WHAT IS REQUIRED
Using the entries that follow, write out the line containing "ocoord x 0 * ocoord x 7", the line containing "(forall x0 x1", and every line between them, exactly and nothing else.

Start of SOURCE MATERIAL

(* Let $\mathbb{F}$ be an algebraically closed field with $\mathrm{char}\,\mathbb{F}=2$, and let $\mathcal{A}$ be a (not necessarily unital) subalgebra of $\mathbf{O}$ with $\mathcal{A}\not\subseteq\mathbf{O}_0$ and $\dim\mathcal{A}\ge2$. Then there exists $g\in{\rm G}_2$ such that one of the following holds: (a) $\{e_1,\mathbf{u}_1\}\subseteq g\mathcal{A}$; (b) $\{e_1,\mathbf{v}_1\}\subseteq g\mathcal{A}$; (c) $\{e_1,e_2\}\subseteq g\mathcal{A}$.
   Context: The split octonion algebra $\mathbf{O}$ is the 8-dimensional $\mathbb{F}$-vector space of formal matrices $a=\begin{pmatrix}\alpha&\mathbf{u}\\ \mathbf{v}&\beta\end{pmatrix}$ with $\alpha,\beta\in\mathbb{F}$, $\mathbf{u},\mathbf{v}\in\mathbb{F}^3$, with multiplication $\begin{pmatrix}\alpha&\mathbf{u}\\ \mathbf{v}&\beta\end{pmatrix}\begin{pmatrix}\alpha'&\mathbf{u}'\\ \mathbf{v}'&\beta'\end{pmatrix}=\begin{pmatrix}\alpha\alpha'+\mathbf{u}\cdot\mathbf{v}'&\alpha\mathbf{u}'+\beta'\mathbf{u}-\mathbf{v}\times\mathbf{v}'\\ \alpha'\mathbf{v}+\beta\mathbf{v}'+\mathbf{u}\times\mathbf{u}'&\beta\beta'+\mathbf{v}\cdot\mathbf{u}'\end{pmatrix}$ (dot product and cross product on $\mathbb{F}^3$). Trace $\mathrm{tr}(a)=\alpha+\beta$, $\mathbf{O}_0=\{a\in\mathbf{O}\mid\mathrm{tr}(a)=0\}$. With $\mathbf{c}_1$ the first standard basis vector of $\mathbb{F}^3$: $e_1$ has $\alpha=1$ and all else $0$, $e_2$ has $\beta=1$ and all else $0$, $\mathbf{u}_1$ has $\mathbf{u}=\mathbf{c}_1$ and all else $0$, $\mathbf{v}_1$ has $\mathbf{v}=\mathbf{c}_1$ and all else $0$. ${\rm G}_2=\mathrm{Aut}(\mathbf{O})$. *)

From HB Require Import structures.
From mathcomp Require Import all_boot all_order all_algebra.
Set Implicit Arguments. Unset Strict Implicit. Unset Printing Implicit Defensive.
Import Order.TTheory GRing.Theory.
Local Open Scope ring_scope.

(* The split octonions over F are modelled as row vectors 'rV[F]_8:
   coordinate 0 = alpha, coordinates 1,2,3 = u, coordinates 4,5,6 = v,
   coordinate 7 = beta. *)
Section Octonions.
Variable F : fieldType.

Definition oct := 'rV[F]_8.

Definition oalpha (a : oct) : F := a 0 (inord 0).
Definition obeta  (a : oct) : F := a 0 (inord 7).
Definition ou (a : oct) : 'rV[F]_3 := \row_(j < 3) a 0 (inord j.+1).
Definition ov (a : oct) : 'rV[F]_3 := \row_(j < 3) a 0 (inord (j + 4)).

(* the formal matrix [[alpha, u], [v, beta]] *)
Definition mkO (al : F) (u v : 'rV[F]_3) (be : F) : oct :=
  \row_(i < 8) nth 0 [:: al; u 0 (inord 0); u 0 (inord 1); u 0 (inord 2);
                          v 0 (inord 0); v 0 (inord 1); v 0 (inord 2); be] i.

Definition dot3 (u v : 'rV[F]_3) : F := \sum_(i < 3) u 0 i * v 0 i.
Definition cross3 (u v : 'rV[F]_3) : 'rV[F]_3 :=
  let c := fun (w : 'rV[F]_3) (k : nat) => w 0 (inord k) in
  \row_(i < 3) nth 0 [:: c u 1 * c v 2 - c u 2 * c v 1;
                          c u 2 * c v 0 - c u 0 * c v 2;
                          c u 0 * c v 1 - c u 1 * c v 0] i.

Definition omul (a b : oct) : oct :=
  mkO (oalpha a * oalpha b + dot3 (ou a) (ov b))
      (oalpha a *: ou b + obeta b *: ou a - cross3 (ov a) (ov b))
      (oalpha b *: ov a + obeta a *: ov b + cross3 (ou a) (ou b))
      (obeta a * obeta b + dot3 (ov a) (ou b)).

Definition otr (a : oct) : F := oalpha a + obeta a.

Definition O0 : pred oct := fun a => otr a == 0.

Definition c1 : 'rV[F]_3 := \row_(j < 3) (if val j == 0%N then 1 else 0).
Definition e1 : oct := mkO 1 0 0 0.
Definition e2 : oct := mkO 0 0 0 1.
Definition u1 : oct := mkO 0 c1 0 0.
Definition v1 : oct := mkO 0 0 c1 0.

Definition is_subalgebra (A : {vspace oct}) : Prop :=
  forall x y, x \in A -> y \in A -> omul x y \in A.

Definition isG2 (g : oct -> oct) : Prop :=
  [/\ forall (c : F) (x y : oct), g (c *: x + y) = c *: g x + g y,
      bijective g &
      forall x y, g (omul x y) = omul (g x) (g y)].

Definition in_image (g : oct -> oct) (A : {vspace oct}) (x : oct) : Prop :=
  exists2 a, a \in A & g a = x.

End Octonions.

(* Rescaling an element of A of nonzero trace gives b in A with
   tr b = 1.  If n(b) != 0, the quadratic identity x^2 = tr(x) x - n(x) 1 puts
   1 = e1 + e2 in A, and since char F = 2 the element b + m 1, with
   m^2 + m + n(b) = 0, still has trace 1 and now has norm 0.  G2 acts
   transitively on the elements of trace 1 and norm 0 (the idempotents other
   than 0 and 1), so we may take e1 in A.  An x in A outside F e1 splits
   along the Peirce decomposition x = alpha e1 + u + v + beta e2, whose pieces
   lie in A as u = e1 x - (e1 x) e1 and v = x e1 - (e1 x) e1.  If beta != 0
   then e2 is in A; otherwise u or v is nonzero, and the stabiliser of e1 and
   e2 in G2, which acts on u by SL_3 and on v by its contragredient, moves it
   to a multiple of u1 or v1. *)

From HB Require Import structures.
From mathcomp Require Import all_boot all_order all_algebra.
From Stdlib Require Import Classical.
From mathcomp Require Import ring.
Set Implicit Arguments. Unset Strict Implicit. Unset Printing Implicit Defensive.
Import GRing.Theory.
Local Open Scope ring_scope.

Lemma exists_notin_vline (K : fieldType) (vT : vectType K) (U : {vspace vT}) (v : vT) :
  (1 < \dim U)%N -> exists2 x, x \in U & x \notin <[v]>%VS.
Proof.
move=> dimU; have /allPn[x /vbasis_mem xU xv] : ~~ all (mem <[v]>%VS) (vbasis U).
  apply: contraL dimU => /allP/span_subvP; rewrite (span_basis (vbasisP U)) -leqNgt.
  by move/dimvS/leq_trans; apply; rewrite dim_vline leq_b1.
by exists x.
Qed.

Section SplitOctonions.
Variable F : fieldType.

Definition oct8 (x0 x1 x2 x3 x4 x5 x6 x7 : F) : oct F :=
  \row_(i < 8) nth 0 [:: x0; x1; x2; x3; x4; x5; x6; x7] i.

Definition ocoord (x : oct F) (k : nat) : F := x 0 (inord k).

Definition omap8 (f : F -> F -> F -> F -> F -> F -> F -> F -> oct F) (x : oct F) : oct F :=
  f (ocoord x 0) (ocoord x 1) (ocoord x 2) (ocoord x 3)
    (ocoord x 4) (ocoord x 5) (ocoord x 6) (ocoord x 7).

Definition oone : oct F := oct8 1 0 0 0 0 0 0 1.

Definition onorm (x : oct F) : F :=
  ocoord x 0 * ocoord x 7
  - (ocoord x 1 * ocoord x 4 + ocoord x 2 * ocoord x 5 + ocoord x 3 * ocoord x 6).

Definition upart : oct F -> oct F :=
  omap8 (fun _ x1 x2 x3 _ _ _ _ => oct8 0 x1 x2 x3 0 0 0 0).
Definition vpart : oct F -> oct F :=
  omap8 (fun _ _ _ _ x4 x5 x6 _ => oct8 0 0 0 0 x4 x5 x6 0).

Definition vshear (a0 a1 a2 : F) : oct F -> oct F :=
  omap8 (fun x0 x1 x2 x3 x4 x5 x6 x7 =>
    let s := a0 * x1 + a1 * x2 + a2 * x3 in
    let d := x0 - x7 - s in
    oct8 (x0 - s) (x1 + (a1 * x6 - a2 * x5)) (x2 + (a2 * x4 - a0 * x6))
         (x3 + (a0 * x5 - a1 * x4)) (x4 + d * a0) (x5 + d * a1) (x6 + d * a2) (x7 + s)).

Definition oswap : oct F -> oct F :=
  omap8 (fun x0 x1 x2 x3 x4 x5 x6 x7 =>
    oct8 x7 (- x4) (- x5) (- x6) (- x1) (- x2) (- x3) x0).

Definition ocycle : oct F -> oct F :=
  omap8 (fun x0 x1 x2 x3 x4 x5 x6 x7 => oct8 x0 x2 x3 x1 x5 x6 x4 x7).

Definition ushear (c d : F) : oct F -> oct F :=
  omap8 (fun x0 x1 x2 x3 x4 x5 x6 x7 =>
    oct8 x0 x1 (x2 + c * x1) (x3 + d * x1) (x4 - c * x5 - d * x6) x5 x6 x7).

Lemma oct8_eta (x : oct F) :
  x = oct8 (ocoord x 0) (ocoord x 1) (ocoord x 2) (ocoord x 3)
           (ocoord x 4) (ocoord x 5) (ocoord x 6) (ocoord x 7).
Proof.
apply/rowP => -[[|[|[|[|[|[|[|[|//]]]]]]]] lt_i8]; rewrite /ocoord !mxE /=;
by congr (x 0 _); apply: val_inj; rewrite /= inordK.
Qed.

Lemma oct8_ind (P : oct F -> Prop) :
  (forall x0 x1 x2 x3 x4 x5 x6 x7, P (oct8 x0 x1 x2 x3 x4 x5 x6 x7)) -> forall x, P x.
Proof. by move=> P8 x; rewrite (oct8_eta x). Qed.

Lemma ocoord_oct8 x0 x1 x2 x3 x4 x5 x6 x7 k : (k < 8)%N ->
  ocoord (oct8 x0 x1 x2 x3 x4 x5 x6 x7) k = nth 0 [:: x0; x1; x2; x3; x4; x5; x6; x7] k.
Proof. by move=> lt_k8; rewrite /ocoord mxE inordK. Qed.

Lemma omap8_oct8 f x0 x1 x2 x3 x4 x5 x6 x7 :
  omap8 f (oct8 x0 x1 x2 x3 x4 x5 x6 x7) = f x0 x1 x2 x3 x4 x5 x6 x7.
Proof. by rewrite /omap8 !ocoord_oct8. Qed.

Lemma oct80 : oct8 0 0 0 0 0 0 0 0 = 0.
Proof. by apply/rowP => -[[|[|[|[|[|[|[|[|//]]]]]]]] lt_i8]; rewrite !mxE. Qed.

Lemma oct8D a0 a1 a2 a3 a4 a5 a6 a7 b0 b1 b2 b3 b4 b5 b6 b7 :
  oct8 a0 a1 a2 a3 a4 a5 a6 a7 + oct8 b0 b1 b2 b3 b4 b5 b6 b7 =
  oct8 (a0 + b0) (a1 + b1) (a2 + b2) (a3 + b3) (a4 + b4) (a5 + b5) (a6 + b6) (a7 + b7).
Proof. by apply/rowP => -[[|[|[|[|[|[|[|[|//]]]]]]]] lt_i8]; rewrite !mxE. Qed.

End of SOURCE MATERIAL

WORKED SOLUTION
  ocoord x 0 * ocoord x 7
  - (ocoord x 1 * ocoord x 4 + ocoord x 2 * ocoord x 5 + ocoord x 3 * ocoord x 6).

Definition upart : oct F -> oct F :=
  omap8 (fun _ x1 x2 x3 _ _ _ _ => oct8 0 x1 x2 x3 0 0 0 0).
Definition vpart : oct F -> oct F :=
  omap8 (fun _ _ _ _ x4 x5 x6 _ => oct8 0 0 0 0 x4 x5 x6 0).

Definition vshear (a0 a1 a2 : F) : oct F -> oct F :=
  omap8 (fun x0 x1 x2 x3 x4 x5 x6 x7 =>
    let s := a0 * x1 + a1 * x2 + a2 * x3 in
    let d := x0 - x7 - s in
    oct8 (x0 - s) (x1 + (a1 * x6 - a2 * x5)) (x2 + (a2 * x4 - a0 * x6))
         (x3 + (a0 * x5 - a1 * x4)) (x4 + d * a0) (x5 + d * a1) (x6 + d * a2) (x7 + s)).

Definition oswap : oct F -> oct F :=
  omap8 (fun x0 x1 x2 x3 x4 x5 x6 x7 =>
    oct8 x7 (- x4) (- x5) (- x6) (- x1) (- x2) (- x3) x0).

Definition ocycle : oct F -> oct F :=
  omap8 (fun x0 x1 x2 x3 x4 x5 x6 x7 => oct8 x0 x2 x3 x1 x5 x6 x4 x7).

Definition ushear (c d : F) : oct F -> oct F :=
  omap8 (fun x0 x1 x2 x3 x4 x5 x6 x7 =>
    oct8 x0 x1 (x2 + c * x1) (x3 + d * x1) (x4 - c * x5 - d * x6) x5 x6 x7).

Lemma oct8_eta (x : oct F) :
  x = oct8 (ocoord x 0) (ocoord x 1) (ocoord x 2) (ocoord x 3)
           (ocoord x 4) (ocoord x 5) (ocoord x 6) (ocoord x 7).
Proof.
apply/rowP => -[[|[|[|[|[|[|[|[|//]]]]]]]] lt_i8]; rewrite /ocoord !mxE /=;
by congr (x 0 _); apply: val_inj; rewrite /= inordK.
Qed.

Lemma oct8_ind (P : oct F -> Prop) :
  (forall x0 x1 x2 x3 x4 x5 x6 x7, P (oct8 x0 x1 x2 x3 x4 x5 x6 x7)) -> forall x, P x.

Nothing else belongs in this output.